Characteristics of leukemias induced by PML-RARαM₄ and RARαE. (A) Schematic representation of transgenic lines and respective leukemia incidence. (B) Peripheral blood (PB) and bone marrow cells (BM) from representative leukemic RARαE, PML-RARαM₄, and PML-RARα transgenic mice stained with the Wright-Giemsa stain (×1,000). Note the presence of leukemic blasts in both BM and PB. (C) Flow cytometric analysis of BM cells from representative leukemic RARαE, PML-RARα M₄, and PML-RARα transgenic mice. Anti–Mac-1 and c-kit antibodies were used. (green line) Isotypic control.

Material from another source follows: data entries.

Lemma shapley_pay_pair k i j : i != j -> 0 < k -> k <= h -> h <= a j + k ->
  0 <= a i <= h -> 0 <= a j <= h ->
  shapley_pay a h (i |: [set j]) k i =
  ((h - a j) ^+ 2 - (Num.max 0 (h - a i - a j)) ^+ 2
    + (Num.max 0 (a i - h + k)) ^+ 2) / (2 * k ^+ 2).
Proof.
move=> ij k0 kh hajk /andP[ai0 aih] /andP[aj0 ajh].
have -> : shapley_pay a h (i |: [set j]) k i = \int[mu]_(u in `[0, 1])
    ((if ((h - a i) / k <= u) && (u < h / k) then 1 + (-1) * u else 0) +
     (if ((h - a j - a i) / k <= u) && (u < (h - a j) / k) then 0 + 1 * u else 0)).
  rewrite /shapley_pay setU1K ?finset.in_set1 // powerset1.
  apply: eq_Rintegral => u _.
  rewrite big_setU1 /=; last by rewrite finset.in_set1 eq_sym -card_gt0 cards1.
  rewrite big_set1 cards0 cards1 stake_set0 stake_set1 subn0 subnn !pivotal_itvE // !subr0.
  by case: ifP; case: ifP => _ _; ring.
rewrite RintegralD //; try exact/integrable01_masked/continuous_affine.
rewrite !Rintegral01_masked; try exact: continuous_affine.
have k_neq0 : k != 0 by rewrite gt_eqF.
have -> : Num.min 1 (h / k) = 1 by apply/min_l; rewrite ler_pdivlMr // mul1r.
have -> : Num.max 0 ((h - a i) / k) = (h - a i) / k.
  by apply/max_r/divr_ge0; lra.
have -> : Num.min 1 ((h - a j) / k) = (h - a j) / k.
  by apply/min_r; rewrite ler_pdivrMr // mul1r; lra.
have -> : Num.max 0 ((h - a j - a i) / k) = Num.max 0 (h - a i - a j) / k.
  by rewrite maxr_pMl ?invr_ge0 ?ltW // mul0r [_ - a i]addrAC.
rewrite (Rintegral_itv_affine 0 1); last first.
  by rewrite ler_pM2r ?invr_gt0 // ge_max; apply/andP; split; lra.
have [hk | hk] := lerP (h - a i) k.
- rewrite (Rintegral_itv_affine 1 (-1)); last by rewrite ler_pdivrMr // mul1r.
  have -> : Num.max 0 (a i - h + k) = a i - h + k by apply/max_r; lra.
  by field.
- rewrite set_itv_ge ?Rintegral_set0; last first.
    by rewrite bnd_simp -ltNge ltr_pdivlMr // mul1r.
  have -> : Num.max 0 (a i - h + k) = 0 by apply/max_l; lra.
  by field.
Qed.

End shapley_small_pools.

Section lone_atomic_players.
Context {R : realType} {n : nat} {a : 'I_n -> R} {h : R}.
Context {P : finType} {sigma : 'I_n -> P} {mu : P -> R} {k : 'I_n -> R} {l : R}.
Hypothesis h_gt0 : 0 < h.
Hypothesis a_range : forall i, 0 < a i /\ a i < h.
Hypothesis sigma_inj : injective sigma.
Hypothesis mu_sigma :
  forall i, mu (sigma i) = k i /\ 0 < k i /\ k i <= h /\ h <= a i + k i.
Hypothesis mu_free : forall p, (forall i, sigma i != p) -> mu p = l.
Hypothesis free_pool : exists p, forall i, sigma i != p.
Hypothesis h_le_l : h <= l.

Lemma members_sigma i : members sigma (sigma i) = [set i]%SET.
Proof. by apply/setP => j; rewrite !inE (inj_eq sigma_inj). Qed.

Lemma members_free p : (forall i, sigma i != p) -> members sigma p = finset.set0.
Proof. by move=> free; apply/setP => j; rewrite !inE (negbTE (free j)). Qed.

Lemma pool_cases p : (exists i, sigma i = p) \/ (forall i, sigma i != p).
Proof.
have [|none] := pselect (exists i, sigma i = p); first by left.
by right => i; apply/eqP => E; apply: none; exists i.
Qed.

Lemma cur_payE i : cur_pay a h sigma mu i = (k i + a i - h) / k i.
Proof.
have [mui [ki0 [kih hak]]] := mu_sigma i; have [ai0 aih] := a_range i.
rewrite /cur_pay members_sigma mui shapley_pay_alone ?(ltW ai0) //; last lra.
have -> : Num.min 1 (h / k i) = 1 by apply/min_l; rewrite ler_pdivlMr // mul1r.
by rewrite max_r; [field; lra | apply: divr_ge0; lra].
Qed.

Lemma pay_join_free i p : (forall i, sigma i != p) ->
  shapley_pay a h (i |: members sigma p) (mu p) i = a i / l.
Proof.
move=> free; have [ai0 aih] := a_range i; have l0 : 0 < l := lt_le_trans h_gt0 h_le_l.
have hal : h <= a i + l := ler_wpDl (ltW ai0) h_le_l.
rewrite members_free // finset.setU0 mu_free //.
rewrite shapley_pay_alone ?(ltW ai0) ?(ltW h_gt0) //.
have -> : Num.min 1 (h / l) = h / l by apply/min_r; rewrite ler_pdivrMr // mul1r.
by rewrite max_r; [field; rewrite gt_eqF | apply: divr_ge0; rewrite ?subr_ge0 ltW].
Qed.

Lemma pay_join_sigma i j : i != j ->
  shapley_pay a h (i |: members sigma (sigma j)) (mu (sigma j)) i =
  ((h - a j) ^+ 2 - (Num.max 0 (h - a i - a j)) ^+ 2
    + (Num.max 0 (a i - h + k j)) ^+ 2) / (2 * k j ^+ 2).
Proof.
move=> ij; have [muj [kj0 [kjh hak]]] := mu_sigma j.
have [ai0 aih] := a_range i; have [aj0 ajh] := a_range j.
by rewrite members_sigma muj shapley_pay_pair //; apply/andP; split; apply: ltW.
Qed.

Lemma pool_winning p : winning a h sigma mu p.
Proof.
rewrite /winning; have [[i <-] | free] := pool_cases p.
  by have [-> [_ [_ hak]]] := mu_sigma i; rewrite members_sigma stake_set1 addrC.
by rewrite members_free // stake_set0 addr0 mu_free.
Qed.

Lemma per_unit_sigma i : per_unit a h sigma mu (sigma i) = (h - a i) / k i ^+ 2.
Proof.
have [mui [ki0 [kih hak]]] := mu_sigma i.
have := cur_payE i; rewrite /cur_pay /per_unit members_sigma big_set1 => ->.
rewrite /reward stake_set1 mui ifT; last by rewrite addrC.
by field; rewrite gt_eqF.
Qed.

Lemma per_unit_free p : (forall i, sigma i != p) -> per_unit a h sigma mu p = 1 / l.
Proof.
move=> free; rewrite /per_unit members_free // /reward stake_set0 big_set0.
by rewrite addr0 mu_free // h_le_l subr0.
Qed.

The percentages of positive cells are given in the respective histograms. (D) Leukemia induced by RARαE is resistant to RA treatment in vivo. Percentage of leukemic cells present in the PB of two RARαE transgenic mice (blue) and three nude mice (red) transplanted with leukemic cells obtained from RARαE transgenic mice. The horizontal axis indicates the length of treatment in days. Crosses indicate the time of death of each animal. RA had no impact on the percentage of leukemic cells present in the PB.